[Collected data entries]
= = = = =

Lemma rateE q i :
  rate P q i = \sum_k assoc P i k * (log2 (rx_power q i) - log2 (interference q i k)).
Proof.
apply: eq_bigr => k _; congr (_ * _).
have Z_gt0 := interference_gt0 q i k.
rewrite -log2_div ?rx_power_gt0 // (rx_powerE _ _ k); congr log2.
by rewrite -/(interference q i k); field; rewrite gt_eqF.
Qed.

Lemma Dr_tangent_le qr q i :
  Dr P qr i - \sum_j Er P qr i j * (sqdist (q j) (spos P i) - sqdist (qr j) (spos P i))
  <= log2 (rx_power q i).
Proof.
have dr_gt0 j : 0 < dr P qr i j by apply: Halt_sqdist_gt0.
set Y0 := sigma2 P + \sum_j pw P j * omega P i j / dr P qr i j.
have Y0_gt0 : 0 < Y0.
  by rewrite ltr_wpDr // sumr_ge0 // => j _; rewrite divr_ge0 ?pw_omega_ge0 ?ltW.
have := ln_sum_inv_ge_tangent (sigma2 P) (fun j => pw P j * omega P i j)
  (fun j => Halt P ^+ 2 + sqdist (q j) (spos P i)) (dr P qr i)
  sigma2_gt0 (pw_omega_ge0 i) (fun j => Halt_sqdist_gt0 _ _) dr_gt0.
rewrite /= -/Y0 (eq_bigr _ (fun j _ => esym (pw_hgainE q i j))) -/(rx_power q i).
set T := \sum_j _ => tangent_le.
have -> : \sum_j Er P qr i j * (sqdist (q j) (spos P i) - sqdist (qr j) (spos P i))
          = T / ln 2.
  rewrite /T mulr_suml; apply: eq_bigr => j _.
  rewrite /Er /Dr powR2_log2 // -/Y0 /dr.
  by field; rewrite !gt_eqF ?ln2_gt0 ?Halt_sqdist_gt0.
by rewrite /Dr -/Y0 /log2 -mulrBl ler_pM2r ?invr_gt0 ?ln2_gt0.
Qed.

Lemma Lamt_le_Nlog2_interference q b i k :
  (forall j, - Halt P ^+ 2 < b i j) -> (forall j, b i j <= sqdist (q j) (spos P i)) ->
  Lamt P b i k <= - log2 (interference q i k).
Proof.
move=> b_gt b_le; have Hb_gt0 j : 0 < Halt P ^+ 2 + b i j by have := b_gt j; lra.
rewrite /Lamt lerN2 ler_log2 ?interference_gt0 //; last first.
  by rewrite ltr_wpDr // sumr_ge0 // => j _; rewrite divr_ge0 ?pw_omega_ge0 ?ltW.
rewrite lerD2l; apply: ler_sum => j _.
by rewrite pw_hgainE ler_wpM2l ?pw_omega_ge0 // lef_pV2 ?posrE ?Halt_sqdist_gt0 // lerD2l.
Qed.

= = = = =

[WHAT IS BEING ASKED]: Make an exact copy of every line from the one with "Lemma Lamt_le_Nlog2_interference q" to the end of the data, with the first and last of those lines included.

[EXERCISE RESPONSE]:
Lemma Lamt_le_Nlog2_interference q b i k :
  (forall j, - Halt P ^+ 2 < b i j) -> (forall j, b i j <= sqdist (q j) (spos P i)) ->
  Lamt P b i k <= - log2 (interference q i k).
Proof.
move=> b_gt b_le; have Hb_gt0 j : 0 < Halt P ^+ 2 + b i j by have := b_gt j; lra.
rewrite /Lamt lerN2 ler_log2 ?interference_gt0 //; last first.
  by rewrite ltr_wpDr // sumr_ge0 // => j _; rewrite divr_ge0 ?pw_omega_ge0 ?ltW.
rewrite lerD2l; apply: ler_sum => j _.
by rewrite pw_hgainE ler_wpM2l ?pw_omega_ge0 // lef_pV2 ?posrE ?Halt_sqdist_gt0 // lerD2l.
Qed.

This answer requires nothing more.